Running along the edge of the ravine, he jumped onto it's back. Everyone else had tried a frontal approach; it was time to do something different. It bucked and thrashed beneath him, twisted it's neck around and grabbed him around the middle. He screamed as it's fangs sank into the soft cracks between his armor, and heard his plating starting to crack as it thrashed it's head around with him in it's mouth. The word was spinning, and he couldn't breath, and his vision was starting to go dark. One arm was caught in it's mouth, the other, he couldn't possibly hope to move in an effective biotic attack.

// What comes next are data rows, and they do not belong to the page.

(* Let $n$ be any positive integer. There exists a 1-layer transformer, with a suitable position embedding, that performs function evaluation for domain $[n]$ in the ''consecutive positions, ordered keys'' presentation. That is, for every function $f:[n]\to[n]$ and every target key $i^*\in[n]$, on the input sequence $0,f(0),1,f(1),\dots,n-1,f(n-1),i^*$ of length $2n+1$ (position $2i$ holds $i$, position $2i+1$ holds $f(i)$, position $2n$ holds $i^*$), it outputs $f(i^* )$. The transformer uses leftmost hard attention, one attention head, embedding dimension $4$, $O(\log n)$ bits of precision, no residual connections, and no MLP layer.
   Context: Notation: $[n]=\{0,1,\dots,n-1\}$. Transformer model (encoder-only, no masking, no layer normalization). A transformer of embedding dimension $d$ consists of three parts. - An input embedding maps an input sequence $x_0,\dots,x_{L-1}$ to vectors $\mathbf{e}(x_i)=\mathbf{w}(x_i)+\mathbf{p}(i)\in\mathbb{R}^d$. Here $\mathbf{w}$ is the token embedding and $\mathbf{p}$ is the position embedding, which may be chosen freely. - A sequence of length-preserving layers follows. - An output map comes last. Given an unembedding matrix $\mathbf{U}\in\mathbb{R}^{n\times d}$, the output is the index $i\in[n]$ maximizing $(\mathbf{U}\mathbf{Y}[L-1])_i$, where $\mathbf{Y}$ is the final layer's output sequence. A single-head attention layer has matrices $\mathbf{W}^Q,\mathbf{W}^K\in\mathbb{R}^{d_{hid}\times d}$ and $\mathbf{W}^V\in\mathbb{R}^{d\times d}$. It computes the scores $s[i,j]=(\mathbf{W}^Q\mathbf{X}[i])\cdot(\mathbf{W}^K\mathbf{X}[j])/\sqrt{d_{hid}}$, and outputs $\mathbf{Y}[i]=\sum_j\alpha[i,j]\mathbf{W}^V\mathbf{X}[j]$. - In leftmost hard attention, $\alpha[i,j]=1$ for the smallest $j$ maximizing $s[i,j]$, and $\alpha[i,j]=0$ otherwise. - With residuals the output is $\mathbf{X}[i]+\sum_j\alpha[i,j]\mathbf{W}^V\mathbf{X}[j]$. An MLP layer applies a 2-layer ReLU network position-wise. A $k$-layer transformer has $k$ attention layers and any number of MLP layers. *)

From HB Require Import structures.
From mathcomp Require Import all_boot all_order all_algebra.
From mathcomp Require Import reals.
Set Implicit Arguments. Unset Strict Implicit. Unset Printing Implicit Defensive.
Import Order.TTheory GRing.Theory Num.Theory.
Local Open Scope ring_scope.

Definition seqlen (n : nat) : nat := (2 * n).+1.

(* A 1-layer transformer: vocabulary and output classes are [n] = 'I_n,
   embedding dimension d, one single-head attention layer with hidden
   dimension dh, NO residual connection and NO MLP layer. *)
Record tf1 (R : nzRingType) (n d dh : nat) := TF1 {
  tok : 'I_n -> 'cV[R]_d;
  pos : 'I_(seqlen n) -> 'cV[R]_d;
  WQ  : 'M[R]_(dh, d);
  WK  : 'M[R]_(dh, d);
  WV  : 'M[R]_d;
  UU  : 'M[R]_(n, d)
}.

Section Run.
Variables (R : rcfType) (n d dh : nat) (T : tf1 R n d dh).

Definition emb (x : nat -> 'I_n) (p : 'I_(seqlen n)) : 'cV[R]_d :=
  tok T (x (nat_of_ord p)) + pos T p.

Definition qvec x p : 'cV[R]_dh := WQ T *m emb x p.
Definition kvec x p : 'cV[R]_dh := WK T *m emb x p.

Definition rawscore x p q : R := \sum_(k < dh) qvec x p k 0 * kvec x q k 0.

Definition score x p q : R := rawscore x p q / Num.sqrt (dh%:R).

Definition leftmost_argmax m (s : 'I_m -> R) (j : 'I_m) : Prop :=
  (forall k, s k <= s j) /\ (forall k : 'I_m, (k < j)%N -> s k < s j).

Definition vvec x j : 'cV[R]_d := WV T *m emb x j.
Definition logits x j : 'cV[R]_n := UU T *m vvec x j.

(* Leftmost hard attention at the last position L-1 attends to the leftmost
   maximizer j of s[L-1, .]; Y[L-1] = W^V X[j]; the output is the index
   maximizing (U Y[L-1]).  [outputs x y] says the output is (uniquely) y. *)
Definition outputs (x : nat -> 'I_n) (y : 'I_n) : Prop :=
  forall j, leftmost_argmax (score x ord_max) j ->
    forall k : 'I_n, k != y -> logits x j k 0 < logits x j y 0.

End Run.

(* O(log n)-bit precision: a value is representable with precision parameter C
   if it is a ratio a/b of integers with |a|, |b| <= (n+1)^C  (i.e. it is
   described by O(C log n) bits). *)
Definition repr_prec (R : numFieldType) (C n : nat) (v : R) : Prop :=
  exists a b : int, b != 0 /\ (`|a| <= (n.+1 ^ C)%:Z)%R /\
    (`|b| <= (n.+1 ^ C)%:Z)%R /\ v = a%:~R / b%:~R.

Definition params_prec (R : rcfType) (C n d dh : nat) (T : tf1 R n d dh) : Prop :=
  (forall a i, repr_prec C n (tok T a i 0)) /\
  (forall p i, repr_prec C n (pos T p i 0)) /\
  (forall i j, repr_prec C n (WQ T i j)) /\
  (forall i j, repr_prec C n (WK T i j)) /\
  (forall i j, repr_prec C n (WV T i j)) /\
  (forall i j, repr_prec C n (UU T i j)).

Definition run_prec (R : rcfType) (C n d dh : nat) (T : tf1 R n d dh)
    (x : nat -> 'I_n) : Prop :=
  (forall p i, repr_prec C n (emb T x p i 0)) /\
  (forall p k, repr_prec C n (qvec T x p k 0)) /\
  (forall p k, repr_prec C n (kvec T x p k 0)) /\
  (forall p q, repr_prec C n (rawscore T x p q)) /\
  (forall p i, repr_prec C n (vvec T x p i 0)) /\
  (forall p k, repr_prec C n (logits T x p k 0)).

From mathcomp Require Import all_boot all_order all_algebra.
From mathcomp Require Import reals.
From mathcomp Require Import zify ring.
Set Implicit Arguments. Unset Strict Implicit. Unset Printing Implicit Defensive.
Import Order.TTheory GRing.Theory Num.Theory.
Local Open Scope ring_scope.

(* Position 2i+1 carries the key i both as i and as -i^2, and every position
   carries a constant 1.  The query at the last position, holding the target
   key t, then scores position 2i+1 by 2ti - i^2 = t^2 - (i - t)^2, uniquely
   maximal at i = t, while the even positions score -1 < 0.  Attention
   therefore copies f(t) (with the constant 1) to the output, and row k of the
   unembedding scores it by 2 k f(t) - k^2, uniquely maximal at k = f(t).
   The key tokens at the even positions are never read: since the keys are
   ordered, the position embedding supplies them.  All parameters and
   intermediate values are integers of size O(n^2), i.e. of O(log n) bits. *)

Lemma ltr_quadratic_peak (R : realDomainType) (a b : R) :
  b != a -> 2 * a * b - b ^+ 2 < 2 * a * a - a ^+ 2.
Proof.
move=> ba; rewrite -subr_gt0 (_ : _ - _ = (a - b) ^+ 2); last by ring.
by rewrite exprn_even_gt0 //= subr_eq0 eq_sym.
Qed.

Definition key_at (p : nat) : int := if odd p then (p./2)%:Z else 0.

(* The even positions get -1 rather than 0 so that they lose even against
   the target key 0, whose score is 0. *)
Definition neg_sqkey_at (p : nat) : int := if odd p then - (p./2 ^ 2)%:Z else -1.

Lemma query_score_lt (a p : nat) : p != (2 * a).+1 ->
  2 * a%:Z * key_at p + neg_sqkey_at p
    < 2 * a%:Z * key_at (2 * a).+1 + neg_sqkey_at (2 * a).+1.
Proof.
rewrite /key_at /neg_sqkey_at /= mul2n odd_double /= uphalf_double.
case: (boolP (odd p)) => [p_odd | _] p_ne; last by nia.
have key_ne : (p./2)%:Z != a%:Z.
  apply: contra p_ne => /eqP [<-]; apply/eqP.
  by have := odd_double_half p; rewrite p_odd; lia.
by have := ltr_quadratic_peak key_ne; lia.
Qed.

Lemma key_at_le (n : nat) (p : 'I_(seqlen n)) : `|key_at p| <= n%:Z.
Proof. by have := ltn_ord p; rewrite /key_at /seqlen; case: ifP; lia. Qed.

Lemma neg_sqkey_at_le (n : nat) (p : 'I_(seqlen n)) : `|neg_sqkey_at p| <= (n.+1 ^ 2)%:Z.
Proof. by have := ltn_ord p; rewrite /neg_sqkey_at /seqlen; case: ifP; nia. Qed.

Definition int_mx {R : nzRingType} {m k : nat} (rows : seq (seq int)) : 'M[R]_(m, k) :=
  \matrix_(i, j) ((nth [::] rows i)`_j)%:~R.

Section Precision.
Variables (R : numFieldType) (C n : nat).
Let small (z : int) := `|z| <= (n.+1 ^ C)%:Z.

Lemma repr_prec_int (z : int) : small z -> repr_prec C n (z%:~R : R).
Proof.
move=> z_small; exists z, 1; do !split => //.
  by rewrite normr1 lez_nat expn_gt0.
by rewrite divr1.
Qed.

Lemma repr_prec_nth (s : seq int) (i : nat) :
  all small s -> repr_prec C n ((s`_i)%:~R : R).
Proof.
move=> /allP s_small; apply: repr_prec_int.
have [/(mem_nth 0)/s_small // | /(nth_default 0) ->] := ltnP i (size s).
by rewrite /small normr0.
Qed.

Lemma repr_prec_int_mx m k (rows : seq (seq int)) :
  all (all small) rows -> forall i j, repr_prec C n (@int_mx R m k rows i j).
Proof.
move=> /allP rows_small i j; rewrite mxE; apply: repr_prec_nth.
by have [/(mem_nth [::])/rows_small | /(nth_default [::]) ->] := ltnP i (size rows).
Qed.

End Precision.

Section Construction.
Variables (R : rcfType) (n : nat).

Definition fe_tok (a : 'I_n) : 'cV[R]_4 := \col_i ([:: a%:Z; 0; 0; 0]`_i)%:~R.

Definition fe_pos (p : 'I_(seqlen n)) : 'cV[R]_4 :=
  \col_i ([:: 0; key_at p; neg_sqkey_at p; 1]`_i)%:~R.

Definition fe_query : 'M[R]_(2, 4) :=
  int_mx [:: [:: 1; 0; 0; 0]; [:: 0; 0; 0; 1]].

Definition fe_key : 'M[R]_(2, 4) :=
  int_mx [:: [:: 0; 2; 0; 0]; [:: 0; 0; 1; 0]].

Definition fe_value : 'M[R]_4 :=
  int_mx [:: [:: 1; 0; 0; 0]; [:: 0; 0; 0; 1]; [:: 0; 0; 0; 0]; [:: 0; 0; 0; 0]].

Definition fe_unemb : 'M[R]_(n, 4) :=
  \matrix_(k, j) ([:: 2 * k%:Z; - (k ^ 2)%:Z; 0; 0]`_j)%:~R.

Definition fe_transformer : tf1 R n 4 2 :=
  TF1 fe_tok fe_pos fe_query fe_key fe_value fe_unemb.

Variable x : nat -> 'I_n.

Lemma fe_embE p (i : 'I_4) : emb fe_transformer x p i 0 =
  ([:: (x p)%:Z; key_at p; neg_sqkey_at p; 1]`_i)%:~R.
Proof. by rewrite /emb !mxE; case: i => [[|[|[|[|i]]]] ?] //=; ring. Qed.

Lemma fe_qvecE p (k : 'I_2) :
  qvec fe_transformer x p k 0 = ([:: (x p)%:Z; 1]`_k)%:~R.
Proof.
rewrite /qvec mxE !big_ord_recl big_ord0 !fe_embE !mxE.
by case: k => [[|[|k]] ?] //=; ring.
Qed.

Lemma fe_kvecE p (k : 'I_2) :
  kvec fe_transformer x p k 0 = ([:: 2 * key_at p; neg_sqkey_at p]`_k)%:~R.
Proof.
rewrite /kvec mxE !big_ord_recl big_ord0 !fe_embE !mxE.
by case: k => [[|[|k]] ?] //=; ring.
Qed.

Lemma fe_rawscoreE p q : rawscore fe_transformer x p q =
  (2 * (x p)%:Z * key_at q + neg_sqkey_at q)%:~R.
Proof. by rewrite /rawscore !big_ord_recl big_ord0 !fe_qvecE !fe_kvecE /=; ring. Qed.

Lemma fe_vvecE p (i : 'I_4) :
  vvec fe_transformer x p i 0 = ([:: (x p)%:Z; 1; 0; 0]`_i)%:~R.
Proof.
rewrite /vvec mxE !big_ord_recl big_ord0 !fe_embE !mxE.
by case: i => [[|[|[|[|i]]]] ?] //=; ring.
Qed.

Lemma fe_logitsE p (k : 'I_n) :
  logits fe_transformer x p k 0 = (2 * k%:Z * (x p)%:Z - (k ^ 2)%:Z)%:~R.
Proof. by rewrite /logits mxE !big_ord_recl big_ord0 !fe_vvecE !mxE /=; ring. Qed.

Lemma fe_run_prec : run_prec 3 fe_transformer x.
Proof.
do ![split].
- move=> p i; rewrite fe_embE; apply: repr_prec_nth.
  by have := ltn_ord (x p); have := key_at_le p; have := neg_sqkey_at_le p; rewrite /=; nia.
- move=> p k; rewrite fe_qvecE; apply: repr_prec_nth.
  by have := ltn_ord (x p); rewrite /=; nia.
- move=> p k; rewrite fe_kvecE; apply: repr_prec_nth.
  by have := key_at_le p; have := neg_sqkey_at_le p; rewrite /=; nia.
- move=> p q; rewrite fe_rawscoreE; apply: repr_prec_int.
  by have := ltn_ord (x p); have := key_at_le q; have := neg_sqkey_at_le q; rewrite /=; nia.
- move=> p i; rewrite fe_vvecE; apply: repr_prec_nth.
  by have := ltn_ord (x p); rewrite /=; nia.
- move=> p k; rewrite fe_logitsE; apply: repr_prec_int.
  by have := ltn_ord (x p); have := ltn_ord k; rewrite /=; nia.
Qed.

Lemma fe_attends_value (t : 'I_n) (j : 'I_(seqlen n)) : x (2 * n)%N = t ->
  (forall q, score fe_transformer x ord_max q <= score fe_transformer x ord_max j) ->
  j = (2 * t).+1 :> nat.
Proof.
move=> x_query j_max; have t_lt : ((2 * t).+1 < seqlen n)%N.
  by have := ltn_ord t; rewrite /seqlen; lia.
apply/eqP; apply: contraT => j_ne; have := j_max (Ordinal t_lt).
rewrite ler_pM2r ?invr_gt0 ?sqrtr_gt0 ?ltr0n // !fe_rawscoreE ler_int /= x_query.
by rewrite leNgt query_score_lt.
Qed.

End Construction.

Lemma fe_params_prec (R : rcfType) (n : nat) : (0 < n)%N ->
  params_prec 3 (fe_transformer R n).
Proof.
move=> n_gt0; have two_small : 2 <= (n.+1 ^ 3)%:Z by rewrite lez_nat; nia.
do ![split]; try by apply: repr_prec_int_mx; rewrite /= ?two_small.
- move=> a i; rewrite mxE; apply: repr_prec_nth.
  by have := ltn_ord a; rewrite /=; nia.
- move=> p i; rewrite mxE; apply: repr_prec_nth.
  by have := key_at_le p; have := neg_sqkey_at_le p; rewrite /=; nia.
- move=> k j; rewrite mxE; apply: repr_prec_nth.
  by have := ltn_ord k; rewrite /=; nia.
Qed.

Theorem theorem3 :
  exists C : nat, forall (R : realType) (n : nat), (0 < n)%N ->
  exists (dh : nat) (T : tf1 R n 4 dh),
    params_prec C T /\
    forall (f : 'I_n -> 'I_n) (istar : 'I_n) (x : nat -> 'I_n),
      (forall i : 'I_n, x (2 * i)%N = i) ->
      (forall i : 'I_n, x (2 * i).+1 = f i) ->
      x (2 * n)%N = istar ->
      run_prec C T x /\ outputs T x (f istar).
Proof.
exists 3%N => R n n_gt0; exists 2%N, (fe_transformer R n).
split; first exact: fe_params_prec.
move=> f istar x _ x_val x_query; split; first exact: fe_run_prec.
move=> j [/(fe_attends_value x_query) j_val _] k k_ne.
rewrite !fe_logitsE ltr_int j_val x_val.
have /ltr_quadratic_peak : k%:Z != (f istar)%:Z by [].
lia.
Qed.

In a moment of clarity that came before unconsciousness, the arm trapped within the beasts mouth charged with biotics, and slammed his fist against the roof of it's mouth. It dropped him with a howl of pain, as a mass effect field dissolved it's brain and controlling cybernetic central nodes. He rolled on the ground, still gasping for breath, as it staggered and collapsed.

9

He was having trouble getting back up the ravine. His ribs were broken, his leg was bleeding badly at this point. He used his biotics to cauterize it. The sounds of battle were fading. He let out a light swear as his feet slid in the mud again, sending him back into the ravine. He looked up at the sound of approaching footsteps, and returned his rifle to his hands, aiming at the edge of the ravine, waiting for the shell to come out.

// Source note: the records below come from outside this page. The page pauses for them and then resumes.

(* Let $0<q<\infty$ and $\frac{q}{q+1}<p<\infty$, and let $r=\frac{pq}{pq+p-q}$ (equivalently $\frac1p+\frac1r=1+\frac1q$). Then $$\left(\frac{\sin_{p,q}x}{x}\right)^p+\left(\frac{\operatorname{tam}_{p,q}x}{x}\right)^r>2 \quad \text{for all } x\in\left(0,\tfrac{\pi_{p,q}}{2}\right),$$ and $$\left(\frac{\sinh_{p,q}x}{x}\right)^p+\left(\frac{\operatorname{tamh}_{p,q}x}{x}\right)^r>2 \quad \text{for all } x\in\left(0,\tfrac{\pi_{r,q}}{2}\right).$$
   Context: For $0<q<\infty$ and $\frac{q}{q+1}<p<\infty$: let $F_{p,q}(y)=\int_0^y (1-t^q)^{-1/p}\,dt$ for $y\in[0,1)$ and $\pi_{p,q}=2\int_0^1(1-t^q)^{-1/p}\,dt\in(0,\infty]$ (it equals $\infty$ when $p\le 1$). The function $\sin_{p,q}:[0,\pi_{p,q}/2)\to[0,1)$ is the inverse of $F_{p,q}$, $\cos_{p,q}x=\frac{d}{dx}\sin_{p,q}x$, and $\operatorname{tam}_{p,q}x=\sin_{p,q}x/\cos_{p,q}^{p/q}x$. Let $G_{p,q}(y)=\int_0^y(1+t^q)^{-1/p}\,dt$ for $y\in[0,\infty)$; its range is $[0,\pi_{r,q}/2)$ with $r=\frac{pq}{pq+p-q}$ (which also satisfies $\frac{q}{q+1}<r<\infty$). The function $\sinh_{p,q}:[0,\pi_{r,q}/2)\to[0,\infty)$ is the inverse of $G_{p,q}$, $\cosh_{p,q}x=\frac{d}{dx}\sinh_{p,q}x$, and $\operatorname{tamh}_{p,q}x=\sinh_{p,q}x/\cosh_{p,q}^{p/q}x$. *)

From Stdlib Require Import Reals Lra ClassicalEpsilon.
From Coquelicot Require Import Coquelicot.
Open Scope R_scope.

(* real power x^a for x >= 0, with the convention 0^a = 0 (a > 0 in use) *)
Definition rpow (x a : R) : R := if Rlt_dec 0 x then Rpower x a else 0.

Definition F_pq (p q y : R) : R :=
  RInt (fun t => Rpower (1 - rpow t q) (- / p)) 0 y.
(* Let $R$ be a commutative local domain with field of fractions $Q$ and maximal ideal $\mathfrak m$. Let $a,b,c\in R$ be such that the ideal $aR+bR+cR$ cannot be generated by two elements. Set $\alpha=(a,b,c)\in R^3$ and $H=R^3\cap Q\alpha$ (intersection inside $Q^3$). Then: (i) $M=R^3/H$ is an indecomposable, finitely generated, torsion-free $R$-module of rank $2$; (ii) if the integral closure $\overline{R}$ of $R$ in $Q$ is local, then $\mathrm{End}_R(M)$ is a local ring.
   Context: A module $M$ is torsion-free if $M\to M\otimes_R Q$ is injective; its rank is $\dim_Q(M\otimes_RQ)$. *)

From HB Require Import structures.
From mathcomp Require Import all_boot all_order all_algebra.
From mathcomp Require Import fraction.
Set Implicit Arguments. Unset Strict Implicit. Unset Printing Implicit Defensive.
Import GRing.Theory.
Local Open Scope ring_scope.

(* A (commutative) ring given as a subring S (a predicate) of a commutative   *)
Definition sub_ideal (A : comNzRingType) (S I : A -> Prop) : Prop :=
  (forall x, I x -> S x) /\ I 0 /\
  (forall x y, I x -> I y -> I (x + y)) /\
  (forall s x, S s -> I x -> I (s * x)).

Definition sub_proper_ideal (A : comNzRingType) (S I : A -> Prop) : Prop :=
  sub_ideal S I /\ ~ I 1.

Definition sub_maximal_ideal (A : comNzRingType) (S I : A -> Prop) : Prop :=
  sub_proper_ideal S I /\
  forall J, sub_proper_ideal S J -> (forall x, I x -> J x) -> forall x, J x <-> I x.

Definition sub_local (A : comNzRingType) (S : A -> Prop) : Prop :=
  (exists I, sub_maximal_ideal S I) /\
  forall I J, sub_maximal_ideal S I -> sub_maximal_ideal S J -> forall x, I x <-> J x.

Definition local_ring (R : comNzRingType) : Prop := sub_local (fun _ : R => True).

Definition tofr (R : idomainType) : R -> {fraction R} := @FracField.tofrac R.

Definition integral_over (R : idomainType) (x : {fraction R}) : Prop :=
  exists p : {poly R}, p \is monic /\ (map_poly (@tofr R) p).[x] = 0.

Definition integral_closure (R : idomainType) : {fraction R} -> Prop :=
  fun x => integral_over x.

It was not a shell, but the commander that had given him the rifle in the first place. He did not lower his gun, taught always to be suspicious.

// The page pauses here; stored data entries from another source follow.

Lemma dotvC u v : dot u v = dot v u.
Proof. by apply: eq_bigr => i _; rewrite mulrC. Qed.

Lemma dotvDl u w v : dot (u + w) v = dot u v + dot w v.
Proof. by rewrite /dotv -big_split; apply: eq_bigr => i _; rewrite mxE mulrDl. Qed.

Lemma dotvZl (s : R) u v : dot (s *: u) v = s * dot u v.
Proof. by rewrite /dotv mulr_sumr; apply: eq_bigr => i _; rewrite mxE mulrA. Qed.

Lemma dotvNl u v : dot (- u) v = - dot u v.
Proof. by rewrite -scaleN1r dotvZl mulN1r. Qed.

Lemma dotvBl u w v : dot (u - w) v = dot u v - dot w v.
Proof. by rewrite dotvDl dotvNl. Qed.

Lemma dotvDr u w v : dot v (u + w) = dot v u + dot v w.
Proof. by rewrite dotvC dotvDl !(dotvC v). Qed.

Lemma dotvZr (s : R) u v : dot v (s *: u) = s * dot v u.
Proof. by rewrite dotvC dotvZl dotvC. Qed.

Lemma dotvBr u w v : dot v (u - w) = dot v u - dot v w.
Proof. by rewrite !(dotvC v) dotvBl. Qed.

Lemma dotv_suml I (r : seq I) (P : pred I) (F : I -> 'rV[R]_d) v :
  dot (\sum_(i <- r | P i) F i) v = \sum_(i <- r | P i) dot (F i) v.
Proof.
elim/big_rec2: _ => [|i y1 y2 _ IH]; last by rewrite dotvDl IH.
by rewrite /dotv big1 // => i _; rewrite mxE mul0r.
Qed.

Lemma dotv_ge0 u : 0 <= dot u u.
Proof. by apply: sumr_ge0 => i _; rewrite -expr2 sqr_ge0. Qed.

Lemma dotv_eq0 u v : dot u u = 0 -> dot u v = 0.
Proof.
move=> uu0; rewrite /dotv big1 // => i _.
have /eqP : u ord0 i * u ord0 i = 0.
  by apply: (psumr_eq0P _ uu0) => // j _; rewrite -expr2 sqr_ge0.
by rewrite mulf_eq0 orbb => /eqP ->; rewrite mul0r.
Qed.

Lemma norm2_ge0 u : 0 <= nrm u.
Proof. exact: sqrtr_ge0. Qed.

Lemma norm2_sq u : nrm u ^+ 2 = dot u u.
Proof. exact: sqr_sqrtr (dotv_ge0 u). Qed.

Lemma norm2N u : nrm (- u) = nrm u.
Proof. by rewrite /norm2 dotvNl dotvC dotvNl opprK. Qed.

Lemma norm2_le u v : (nrm u <= nrm v) = (dot u u <= dot v v).
Proof. by rewrite ler_psqrt // qualifE /= dotv_ge0. Qed.

Lemma norm2_le_sq u (c : R) : nrm u <= c -> dot u u <= c ^+ 2.
Proof.
move=> uc; rewrite -norm2_sq ler_sqr // qualifE /= ?norm2_ge0 //.
exact: le_trans (norm2_ge0 u) uc.
Qed.

Lemma le_of_sqr_le (x y : R) : 0 <= y -> x ^+ 2 <= y ^+ 2 -> x <= y.
Proof.
move=> y0; rewrite -(real_normK (num_real x)) ler_sqr ?qualifE /= ?normr_ge0 //.
exact: le_trans (real_ler_norm (num_real x)).
Qed.

Lemma cauchy_schwarz u v : dot u v <= nrm u * nrm v.
Proof.
have [uu0|uu_neq0] := eqVneq (dot u u) 0.
  by rewrite dotv_eq0 // mulr_ge0 // norm2_ge0.
have uu_pos : 0 < dot u u by rewrite lt_def uu_neq0 dotv_ge0.
apply: le_of_sqr_le; first by rewrite mulr_ge0 // norm2_ge0.
rewrite exprMn !norm2_sq.
pose t := dot u v / dot u u.
have tuu : t * dot u u = dot u v by rewrite /t divfK.
have := dotv_ge0 (v - t *: u).
rewrite dotvBl !dotvBr !dotvZl !dotvZr (dotvC v u) => sq_ge0.
have := mulr_ge0 (ltW uu_pos) sq_ge0; nra.
Qed.

Lemma norm2D u w : nrm (u + w) <= nrm u + nrm w.
Proof.
apply: le_of_sqr_le; first by rewrite addr_ge0 // norm2_ge0.
rewrite norm2_sq dotvDl !dotvDr (dotvC w u) sqrrD !norm2_sq.
have := cauchy_schwarz u w; lra.
Qed.

Lemma norm2_sum I (r : seq I) (P : pred I) (F : I -> 'rV[R]_d) :
  nrm (\sum_(i <- r | P i) F i) <= \sum_(i <- r | P i) nrm (F i).
Proof.
elim/big_rec2: _ => [|i y1 y2 _ IH].
  by rewrite /norm2 /dotv big1 ?sqrtr0 // => i _; rewrite mxE mul0r.
by apply: le_trans (norm2D _ _) _; rewrite lerD2l.
Qed.

End Euclidean.

Section GradientStep.
Context {R : realType} {d : nat}.
Implicit Types a b c g v y : 'rV[R]_d.
Local Notation dot := (@dotv R d).
Local Notation nrm := (@norm2 R d).

Lemma gradient_step_identity a b (s : R) :
  2 * s * dot b a = dot a a - dot (a - s *: b) (a - s *: b) + s ^+ 2 * dot b b.
Proof. rewrite dotvBl !dotvBr !dotvZl !dotvZr (dotvC a b); ring. Qed.

Lemma linear_term_bound a b (s : R) :
  2 * s * dot b a <= dot a a + s ^+ 2 * dot b b.
Proof.
rewrite gradient_step_identity; have := dotv_ge0 (a - s *: b); lra.
Qed.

"Prove to me you are who you present yourself to be!" he called up.

The commander looked down at him. Then looked at the slain beast that had killed dozens, only to fall to a child. There was an odd look in his eyes, and for a few moments, he thought he could sense... that his elder was impressed with what he had done. He still did not lower his rifle. The commander had naught a scratch on him; for all he knew the man was indoctrinated.

Then, he spoke.

"The fight is over. I killed the last shell just now." He raised his knife, covered in shell blood. "You made them pay."

He lowered his rifle slightly. The commander's eyes were intense, expectant, analyzing him. For what?

"I expect more of the same from you, Javik."


Part of me always wondered how our favorite fossil started out. Just to clarify, the Gazers are, in my head, what the Protheans called the Oculus we see in-game. The shells are the husks, because lets face it; they aren't going have the same words for this stuff as the new cycle does.

Anyway, I'm hoping I did Javik a little justice in this chapter. He never really got much focus as a character, I feel.